====== Supplied data ======

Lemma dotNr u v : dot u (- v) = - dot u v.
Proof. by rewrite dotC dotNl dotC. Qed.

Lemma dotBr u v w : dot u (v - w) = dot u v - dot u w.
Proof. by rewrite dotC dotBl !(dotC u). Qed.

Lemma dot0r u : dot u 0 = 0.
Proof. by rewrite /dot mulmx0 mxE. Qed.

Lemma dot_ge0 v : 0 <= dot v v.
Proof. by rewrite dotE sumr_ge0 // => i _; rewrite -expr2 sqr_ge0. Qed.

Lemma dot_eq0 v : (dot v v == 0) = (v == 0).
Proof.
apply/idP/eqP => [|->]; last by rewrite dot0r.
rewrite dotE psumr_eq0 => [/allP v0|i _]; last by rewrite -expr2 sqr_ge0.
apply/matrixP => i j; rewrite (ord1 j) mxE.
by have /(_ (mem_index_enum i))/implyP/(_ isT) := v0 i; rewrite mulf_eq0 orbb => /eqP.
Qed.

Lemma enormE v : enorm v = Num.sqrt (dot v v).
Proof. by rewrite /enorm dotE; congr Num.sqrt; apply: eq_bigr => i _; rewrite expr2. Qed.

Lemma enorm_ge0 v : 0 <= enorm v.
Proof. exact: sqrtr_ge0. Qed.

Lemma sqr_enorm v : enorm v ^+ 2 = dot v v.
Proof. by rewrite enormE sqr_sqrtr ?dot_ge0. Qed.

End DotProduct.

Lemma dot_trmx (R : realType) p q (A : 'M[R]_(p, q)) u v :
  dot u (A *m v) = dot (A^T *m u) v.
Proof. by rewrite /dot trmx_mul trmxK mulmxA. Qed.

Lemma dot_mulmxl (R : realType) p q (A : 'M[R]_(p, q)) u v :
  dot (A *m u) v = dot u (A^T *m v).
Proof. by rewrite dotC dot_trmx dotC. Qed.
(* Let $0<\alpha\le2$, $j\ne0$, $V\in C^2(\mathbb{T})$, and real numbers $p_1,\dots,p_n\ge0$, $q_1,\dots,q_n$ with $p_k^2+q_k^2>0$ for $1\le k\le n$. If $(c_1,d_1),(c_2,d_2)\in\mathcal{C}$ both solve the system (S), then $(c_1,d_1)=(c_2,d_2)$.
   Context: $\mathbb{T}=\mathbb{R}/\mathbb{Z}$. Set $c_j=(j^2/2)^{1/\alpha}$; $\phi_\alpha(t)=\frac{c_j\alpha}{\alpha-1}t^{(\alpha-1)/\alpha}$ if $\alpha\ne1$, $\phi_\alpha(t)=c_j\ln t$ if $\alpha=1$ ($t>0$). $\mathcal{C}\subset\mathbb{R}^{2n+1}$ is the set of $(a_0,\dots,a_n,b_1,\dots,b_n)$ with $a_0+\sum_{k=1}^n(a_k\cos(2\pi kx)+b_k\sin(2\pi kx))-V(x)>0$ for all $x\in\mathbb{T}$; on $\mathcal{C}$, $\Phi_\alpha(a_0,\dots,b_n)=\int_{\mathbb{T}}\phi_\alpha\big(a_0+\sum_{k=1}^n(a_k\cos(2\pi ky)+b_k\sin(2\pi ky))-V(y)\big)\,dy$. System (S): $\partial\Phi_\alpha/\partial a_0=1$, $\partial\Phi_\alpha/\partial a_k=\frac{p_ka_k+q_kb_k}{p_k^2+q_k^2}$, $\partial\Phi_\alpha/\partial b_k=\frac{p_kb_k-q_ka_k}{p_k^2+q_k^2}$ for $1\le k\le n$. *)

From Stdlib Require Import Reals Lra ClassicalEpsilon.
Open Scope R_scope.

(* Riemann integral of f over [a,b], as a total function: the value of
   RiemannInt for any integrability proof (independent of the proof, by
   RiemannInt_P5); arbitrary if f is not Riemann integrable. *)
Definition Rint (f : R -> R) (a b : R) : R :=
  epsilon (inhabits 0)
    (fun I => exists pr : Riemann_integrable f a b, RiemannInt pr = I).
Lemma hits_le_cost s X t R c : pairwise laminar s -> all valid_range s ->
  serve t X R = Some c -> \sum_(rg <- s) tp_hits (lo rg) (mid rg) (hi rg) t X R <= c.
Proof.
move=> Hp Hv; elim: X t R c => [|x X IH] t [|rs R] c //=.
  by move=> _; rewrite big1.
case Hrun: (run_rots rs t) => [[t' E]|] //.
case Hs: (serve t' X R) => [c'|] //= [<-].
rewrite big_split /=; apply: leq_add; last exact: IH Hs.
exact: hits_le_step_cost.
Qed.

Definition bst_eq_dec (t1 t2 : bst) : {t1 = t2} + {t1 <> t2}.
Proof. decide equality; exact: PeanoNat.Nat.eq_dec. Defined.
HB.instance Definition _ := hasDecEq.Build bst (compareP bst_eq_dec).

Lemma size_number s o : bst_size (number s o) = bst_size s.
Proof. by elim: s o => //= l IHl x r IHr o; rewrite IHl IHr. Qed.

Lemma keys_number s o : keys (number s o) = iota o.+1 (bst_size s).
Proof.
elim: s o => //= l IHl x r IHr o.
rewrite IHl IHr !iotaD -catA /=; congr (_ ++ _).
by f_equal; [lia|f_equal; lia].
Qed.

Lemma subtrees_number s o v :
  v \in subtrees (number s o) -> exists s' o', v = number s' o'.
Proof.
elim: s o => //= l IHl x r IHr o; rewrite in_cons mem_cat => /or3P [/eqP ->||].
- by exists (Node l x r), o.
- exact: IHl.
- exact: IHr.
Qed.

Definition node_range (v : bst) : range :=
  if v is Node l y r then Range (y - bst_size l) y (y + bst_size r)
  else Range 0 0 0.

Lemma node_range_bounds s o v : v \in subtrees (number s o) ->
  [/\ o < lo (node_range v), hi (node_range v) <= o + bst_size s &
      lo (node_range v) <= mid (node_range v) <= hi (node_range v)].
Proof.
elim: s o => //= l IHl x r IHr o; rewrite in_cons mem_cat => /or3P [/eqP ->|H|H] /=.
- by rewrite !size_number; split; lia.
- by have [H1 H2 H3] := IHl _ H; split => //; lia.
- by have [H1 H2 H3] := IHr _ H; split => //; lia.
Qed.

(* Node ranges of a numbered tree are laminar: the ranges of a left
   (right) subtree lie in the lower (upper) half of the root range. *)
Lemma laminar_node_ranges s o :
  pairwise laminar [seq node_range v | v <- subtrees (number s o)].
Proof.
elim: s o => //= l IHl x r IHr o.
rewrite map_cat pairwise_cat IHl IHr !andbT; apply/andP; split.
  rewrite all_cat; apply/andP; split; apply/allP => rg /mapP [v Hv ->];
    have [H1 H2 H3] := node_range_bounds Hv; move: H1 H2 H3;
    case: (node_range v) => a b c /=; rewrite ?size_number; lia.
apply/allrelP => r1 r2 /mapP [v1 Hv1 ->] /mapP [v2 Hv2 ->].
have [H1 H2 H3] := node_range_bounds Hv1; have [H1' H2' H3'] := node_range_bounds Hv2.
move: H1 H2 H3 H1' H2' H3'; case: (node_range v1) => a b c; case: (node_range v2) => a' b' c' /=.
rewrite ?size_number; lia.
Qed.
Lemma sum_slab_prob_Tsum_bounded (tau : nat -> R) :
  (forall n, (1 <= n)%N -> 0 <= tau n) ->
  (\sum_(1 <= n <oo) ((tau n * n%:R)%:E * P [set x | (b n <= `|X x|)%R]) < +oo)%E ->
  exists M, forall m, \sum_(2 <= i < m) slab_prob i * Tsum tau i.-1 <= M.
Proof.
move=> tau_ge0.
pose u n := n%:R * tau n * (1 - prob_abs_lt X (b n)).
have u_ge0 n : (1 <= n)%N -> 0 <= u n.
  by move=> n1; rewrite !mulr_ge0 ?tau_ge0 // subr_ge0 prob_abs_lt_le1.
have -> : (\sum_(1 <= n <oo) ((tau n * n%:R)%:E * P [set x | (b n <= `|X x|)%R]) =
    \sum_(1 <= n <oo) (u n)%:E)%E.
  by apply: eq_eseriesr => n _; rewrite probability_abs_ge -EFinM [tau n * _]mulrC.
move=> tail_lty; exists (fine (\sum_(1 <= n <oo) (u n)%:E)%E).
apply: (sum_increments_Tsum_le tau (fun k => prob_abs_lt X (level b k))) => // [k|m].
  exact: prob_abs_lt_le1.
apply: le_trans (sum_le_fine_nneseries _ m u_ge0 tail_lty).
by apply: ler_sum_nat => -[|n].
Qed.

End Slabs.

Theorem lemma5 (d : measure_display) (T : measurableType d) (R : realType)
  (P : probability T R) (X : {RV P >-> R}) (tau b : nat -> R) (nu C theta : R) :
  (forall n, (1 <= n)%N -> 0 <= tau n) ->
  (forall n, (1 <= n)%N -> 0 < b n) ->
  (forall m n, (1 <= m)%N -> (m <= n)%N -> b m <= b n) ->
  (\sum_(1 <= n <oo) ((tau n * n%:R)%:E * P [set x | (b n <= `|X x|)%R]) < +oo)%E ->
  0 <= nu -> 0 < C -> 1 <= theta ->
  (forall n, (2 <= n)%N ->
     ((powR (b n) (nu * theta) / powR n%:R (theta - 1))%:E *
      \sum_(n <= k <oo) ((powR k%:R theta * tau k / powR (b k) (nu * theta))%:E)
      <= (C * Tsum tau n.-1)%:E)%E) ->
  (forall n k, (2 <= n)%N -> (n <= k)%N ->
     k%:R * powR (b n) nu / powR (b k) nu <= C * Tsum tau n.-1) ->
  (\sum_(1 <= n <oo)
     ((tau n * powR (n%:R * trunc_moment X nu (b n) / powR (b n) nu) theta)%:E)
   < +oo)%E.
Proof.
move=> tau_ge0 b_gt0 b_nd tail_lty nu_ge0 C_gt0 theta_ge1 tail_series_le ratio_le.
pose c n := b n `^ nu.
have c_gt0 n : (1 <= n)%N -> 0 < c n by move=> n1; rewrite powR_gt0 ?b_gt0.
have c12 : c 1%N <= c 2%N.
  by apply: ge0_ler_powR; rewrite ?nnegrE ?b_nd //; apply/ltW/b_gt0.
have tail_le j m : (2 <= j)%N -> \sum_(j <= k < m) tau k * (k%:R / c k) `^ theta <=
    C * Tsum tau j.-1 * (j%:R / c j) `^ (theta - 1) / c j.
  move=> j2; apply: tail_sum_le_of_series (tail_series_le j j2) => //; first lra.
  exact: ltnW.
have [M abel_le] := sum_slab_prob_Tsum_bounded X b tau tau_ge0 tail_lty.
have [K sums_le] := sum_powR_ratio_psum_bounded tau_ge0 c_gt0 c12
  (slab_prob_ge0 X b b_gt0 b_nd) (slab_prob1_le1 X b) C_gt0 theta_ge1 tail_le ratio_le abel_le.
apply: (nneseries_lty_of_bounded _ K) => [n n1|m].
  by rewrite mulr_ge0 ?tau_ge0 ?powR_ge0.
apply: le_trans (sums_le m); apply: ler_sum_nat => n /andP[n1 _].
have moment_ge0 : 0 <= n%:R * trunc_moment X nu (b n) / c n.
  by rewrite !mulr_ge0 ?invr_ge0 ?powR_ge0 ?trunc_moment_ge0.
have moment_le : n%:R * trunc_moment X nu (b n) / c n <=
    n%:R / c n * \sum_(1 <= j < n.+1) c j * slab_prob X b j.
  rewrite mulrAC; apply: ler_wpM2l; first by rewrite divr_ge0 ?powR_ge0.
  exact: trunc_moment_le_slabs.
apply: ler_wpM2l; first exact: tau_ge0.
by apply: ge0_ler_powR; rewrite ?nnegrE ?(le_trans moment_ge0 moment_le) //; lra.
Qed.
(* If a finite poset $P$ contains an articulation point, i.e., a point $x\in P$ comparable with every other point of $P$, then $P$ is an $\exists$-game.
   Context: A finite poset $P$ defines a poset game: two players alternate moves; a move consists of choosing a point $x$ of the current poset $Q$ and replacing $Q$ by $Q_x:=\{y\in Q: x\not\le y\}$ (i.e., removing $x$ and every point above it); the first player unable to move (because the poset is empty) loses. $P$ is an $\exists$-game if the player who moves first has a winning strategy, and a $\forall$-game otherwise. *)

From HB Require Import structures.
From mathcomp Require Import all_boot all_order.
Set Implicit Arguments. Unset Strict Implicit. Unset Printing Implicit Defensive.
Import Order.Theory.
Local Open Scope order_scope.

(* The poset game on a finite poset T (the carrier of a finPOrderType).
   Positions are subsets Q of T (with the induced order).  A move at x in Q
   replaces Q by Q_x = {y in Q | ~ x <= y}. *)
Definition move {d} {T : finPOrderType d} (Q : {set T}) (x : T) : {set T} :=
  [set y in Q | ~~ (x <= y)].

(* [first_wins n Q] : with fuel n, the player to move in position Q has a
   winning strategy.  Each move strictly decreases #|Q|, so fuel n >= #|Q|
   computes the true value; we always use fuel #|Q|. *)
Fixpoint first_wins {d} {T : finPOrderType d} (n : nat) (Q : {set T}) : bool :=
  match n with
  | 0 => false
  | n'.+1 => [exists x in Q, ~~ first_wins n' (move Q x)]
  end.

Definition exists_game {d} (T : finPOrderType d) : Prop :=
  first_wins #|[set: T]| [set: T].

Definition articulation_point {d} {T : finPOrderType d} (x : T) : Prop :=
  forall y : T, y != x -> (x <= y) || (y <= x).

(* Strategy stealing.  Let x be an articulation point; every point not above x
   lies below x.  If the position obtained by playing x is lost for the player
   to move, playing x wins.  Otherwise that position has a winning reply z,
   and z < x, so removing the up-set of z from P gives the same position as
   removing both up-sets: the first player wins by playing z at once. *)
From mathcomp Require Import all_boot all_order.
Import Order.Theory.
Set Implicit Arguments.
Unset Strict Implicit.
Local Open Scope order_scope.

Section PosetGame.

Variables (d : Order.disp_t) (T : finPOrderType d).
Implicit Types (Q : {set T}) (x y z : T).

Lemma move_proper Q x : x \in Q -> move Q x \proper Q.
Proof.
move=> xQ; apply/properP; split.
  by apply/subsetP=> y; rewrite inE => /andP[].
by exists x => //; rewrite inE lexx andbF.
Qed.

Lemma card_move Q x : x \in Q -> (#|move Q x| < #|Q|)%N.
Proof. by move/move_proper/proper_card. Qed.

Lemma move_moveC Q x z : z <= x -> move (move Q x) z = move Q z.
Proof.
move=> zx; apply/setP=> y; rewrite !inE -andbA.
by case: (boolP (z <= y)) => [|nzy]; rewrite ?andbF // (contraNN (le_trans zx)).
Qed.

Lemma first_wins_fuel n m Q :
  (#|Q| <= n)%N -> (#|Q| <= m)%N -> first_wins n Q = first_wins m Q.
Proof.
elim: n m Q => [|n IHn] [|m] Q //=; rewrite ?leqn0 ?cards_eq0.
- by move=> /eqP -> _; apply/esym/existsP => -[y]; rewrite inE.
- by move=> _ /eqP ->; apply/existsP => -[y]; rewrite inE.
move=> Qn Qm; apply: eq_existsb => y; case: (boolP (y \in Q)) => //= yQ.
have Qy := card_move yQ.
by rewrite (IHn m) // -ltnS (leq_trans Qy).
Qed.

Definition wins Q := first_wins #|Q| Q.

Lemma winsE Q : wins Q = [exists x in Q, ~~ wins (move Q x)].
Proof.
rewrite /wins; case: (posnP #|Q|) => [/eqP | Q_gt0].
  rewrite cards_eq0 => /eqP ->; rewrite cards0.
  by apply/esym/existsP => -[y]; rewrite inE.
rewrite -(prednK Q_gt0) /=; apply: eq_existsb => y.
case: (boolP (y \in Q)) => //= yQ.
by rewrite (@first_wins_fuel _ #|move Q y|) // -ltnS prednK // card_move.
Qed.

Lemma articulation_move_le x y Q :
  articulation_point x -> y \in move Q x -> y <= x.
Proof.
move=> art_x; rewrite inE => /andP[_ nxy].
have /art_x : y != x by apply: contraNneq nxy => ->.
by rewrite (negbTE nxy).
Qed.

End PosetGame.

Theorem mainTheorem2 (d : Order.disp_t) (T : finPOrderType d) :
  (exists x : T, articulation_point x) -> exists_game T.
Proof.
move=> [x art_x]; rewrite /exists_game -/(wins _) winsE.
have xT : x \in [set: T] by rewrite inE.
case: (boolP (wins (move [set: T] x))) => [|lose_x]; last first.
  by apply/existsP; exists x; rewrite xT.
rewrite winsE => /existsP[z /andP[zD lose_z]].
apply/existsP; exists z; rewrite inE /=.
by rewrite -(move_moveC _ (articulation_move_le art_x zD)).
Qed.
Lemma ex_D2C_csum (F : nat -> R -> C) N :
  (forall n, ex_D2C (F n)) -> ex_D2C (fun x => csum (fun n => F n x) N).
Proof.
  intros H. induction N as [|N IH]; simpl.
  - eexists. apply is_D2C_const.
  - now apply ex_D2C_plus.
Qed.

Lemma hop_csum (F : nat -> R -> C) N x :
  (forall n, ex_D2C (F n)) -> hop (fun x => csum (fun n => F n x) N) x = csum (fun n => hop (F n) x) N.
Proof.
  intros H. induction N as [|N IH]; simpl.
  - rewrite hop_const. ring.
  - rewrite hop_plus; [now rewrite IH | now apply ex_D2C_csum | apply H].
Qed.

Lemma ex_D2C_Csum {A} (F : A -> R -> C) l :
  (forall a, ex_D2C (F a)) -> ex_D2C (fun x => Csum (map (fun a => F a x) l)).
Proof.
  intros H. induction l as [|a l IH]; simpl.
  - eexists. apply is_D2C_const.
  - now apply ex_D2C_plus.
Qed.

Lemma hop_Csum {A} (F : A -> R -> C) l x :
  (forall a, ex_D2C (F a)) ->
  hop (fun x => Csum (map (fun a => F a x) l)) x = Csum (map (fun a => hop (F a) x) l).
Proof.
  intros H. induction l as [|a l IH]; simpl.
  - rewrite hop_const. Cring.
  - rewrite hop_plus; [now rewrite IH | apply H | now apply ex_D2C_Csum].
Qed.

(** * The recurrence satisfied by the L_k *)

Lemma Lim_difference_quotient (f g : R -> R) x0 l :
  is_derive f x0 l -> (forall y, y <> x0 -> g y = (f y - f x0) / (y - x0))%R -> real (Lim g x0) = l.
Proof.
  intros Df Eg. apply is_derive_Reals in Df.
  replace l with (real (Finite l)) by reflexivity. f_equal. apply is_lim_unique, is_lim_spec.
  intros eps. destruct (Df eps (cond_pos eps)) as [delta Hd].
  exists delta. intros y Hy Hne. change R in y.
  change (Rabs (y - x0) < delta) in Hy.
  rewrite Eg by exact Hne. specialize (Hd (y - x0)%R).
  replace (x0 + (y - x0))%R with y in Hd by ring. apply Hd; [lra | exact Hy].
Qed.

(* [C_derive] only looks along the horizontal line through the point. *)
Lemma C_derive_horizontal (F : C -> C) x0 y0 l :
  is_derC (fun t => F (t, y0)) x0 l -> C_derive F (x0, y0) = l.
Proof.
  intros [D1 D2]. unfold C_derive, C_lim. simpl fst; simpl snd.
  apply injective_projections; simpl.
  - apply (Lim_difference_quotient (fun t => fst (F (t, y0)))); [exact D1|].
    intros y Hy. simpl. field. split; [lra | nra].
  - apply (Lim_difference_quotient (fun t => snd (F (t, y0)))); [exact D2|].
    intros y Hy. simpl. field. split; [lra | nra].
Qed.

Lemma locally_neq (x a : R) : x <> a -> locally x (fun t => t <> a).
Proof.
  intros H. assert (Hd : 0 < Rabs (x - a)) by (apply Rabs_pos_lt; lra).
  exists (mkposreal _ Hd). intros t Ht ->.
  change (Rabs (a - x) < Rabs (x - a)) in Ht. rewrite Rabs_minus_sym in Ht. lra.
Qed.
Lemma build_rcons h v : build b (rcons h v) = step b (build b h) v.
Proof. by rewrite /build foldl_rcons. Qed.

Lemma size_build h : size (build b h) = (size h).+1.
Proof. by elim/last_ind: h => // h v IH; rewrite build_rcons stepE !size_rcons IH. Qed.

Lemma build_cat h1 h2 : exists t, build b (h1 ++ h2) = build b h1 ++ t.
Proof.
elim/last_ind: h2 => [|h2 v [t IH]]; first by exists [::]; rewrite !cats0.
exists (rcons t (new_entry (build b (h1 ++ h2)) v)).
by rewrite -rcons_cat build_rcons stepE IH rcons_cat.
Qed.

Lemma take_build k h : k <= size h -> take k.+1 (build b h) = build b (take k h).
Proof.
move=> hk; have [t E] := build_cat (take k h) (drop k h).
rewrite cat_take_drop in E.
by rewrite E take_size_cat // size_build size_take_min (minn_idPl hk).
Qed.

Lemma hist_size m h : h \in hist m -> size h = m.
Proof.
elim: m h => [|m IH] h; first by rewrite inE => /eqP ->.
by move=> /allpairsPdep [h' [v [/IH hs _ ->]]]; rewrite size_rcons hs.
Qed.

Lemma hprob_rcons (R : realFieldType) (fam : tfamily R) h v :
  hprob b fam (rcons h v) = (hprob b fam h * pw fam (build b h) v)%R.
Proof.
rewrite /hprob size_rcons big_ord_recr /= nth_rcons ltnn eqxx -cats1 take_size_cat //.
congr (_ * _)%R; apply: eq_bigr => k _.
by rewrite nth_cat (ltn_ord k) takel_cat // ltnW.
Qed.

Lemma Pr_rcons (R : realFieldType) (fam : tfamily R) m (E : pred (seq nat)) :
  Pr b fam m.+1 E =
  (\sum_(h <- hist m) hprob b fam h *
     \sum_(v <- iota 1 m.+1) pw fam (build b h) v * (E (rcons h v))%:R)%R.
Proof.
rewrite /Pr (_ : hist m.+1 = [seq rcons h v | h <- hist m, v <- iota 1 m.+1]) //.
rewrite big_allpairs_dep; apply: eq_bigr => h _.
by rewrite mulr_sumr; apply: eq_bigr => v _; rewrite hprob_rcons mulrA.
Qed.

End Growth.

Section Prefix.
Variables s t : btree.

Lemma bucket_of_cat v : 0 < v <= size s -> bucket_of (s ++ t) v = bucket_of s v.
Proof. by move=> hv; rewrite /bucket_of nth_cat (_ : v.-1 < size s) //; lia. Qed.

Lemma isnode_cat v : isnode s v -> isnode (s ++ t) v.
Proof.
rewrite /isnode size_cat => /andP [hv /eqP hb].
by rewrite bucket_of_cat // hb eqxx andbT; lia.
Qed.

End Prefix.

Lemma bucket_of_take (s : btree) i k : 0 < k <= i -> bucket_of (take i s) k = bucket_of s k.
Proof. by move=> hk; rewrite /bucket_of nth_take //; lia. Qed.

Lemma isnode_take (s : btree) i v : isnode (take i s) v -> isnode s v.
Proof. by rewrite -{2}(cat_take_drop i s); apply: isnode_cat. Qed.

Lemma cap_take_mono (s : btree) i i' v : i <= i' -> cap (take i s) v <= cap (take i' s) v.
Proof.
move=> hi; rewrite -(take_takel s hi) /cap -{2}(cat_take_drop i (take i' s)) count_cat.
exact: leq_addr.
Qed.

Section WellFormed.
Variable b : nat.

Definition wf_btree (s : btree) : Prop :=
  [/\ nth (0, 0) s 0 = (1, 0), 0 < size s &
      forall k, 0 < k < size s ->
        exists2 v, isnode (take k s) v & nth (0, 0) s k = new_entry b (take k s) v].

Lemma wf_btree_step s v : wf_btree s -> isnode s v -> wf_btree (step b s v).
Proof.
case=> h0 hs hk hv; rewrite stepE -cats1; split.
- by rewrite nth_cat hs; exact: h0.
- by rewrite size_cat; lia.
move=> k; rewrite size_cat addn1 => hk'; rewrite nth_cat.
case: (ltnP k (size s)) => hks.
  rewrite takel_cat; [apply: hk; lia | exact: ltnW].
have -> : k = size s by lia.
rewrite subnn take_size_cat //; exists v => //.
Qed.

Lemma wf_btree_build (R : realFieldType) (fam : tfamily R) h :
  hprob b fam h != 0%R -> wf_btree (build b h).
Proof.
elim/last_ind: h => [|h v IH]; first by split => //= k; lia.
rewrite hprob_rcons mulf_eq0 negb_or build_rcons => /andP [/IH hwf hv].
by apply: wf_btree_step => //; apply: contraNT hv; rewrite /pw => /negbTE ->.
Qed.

======

Give the number of lines above that contain the word "dotE", with no other text.

- _Result below_
3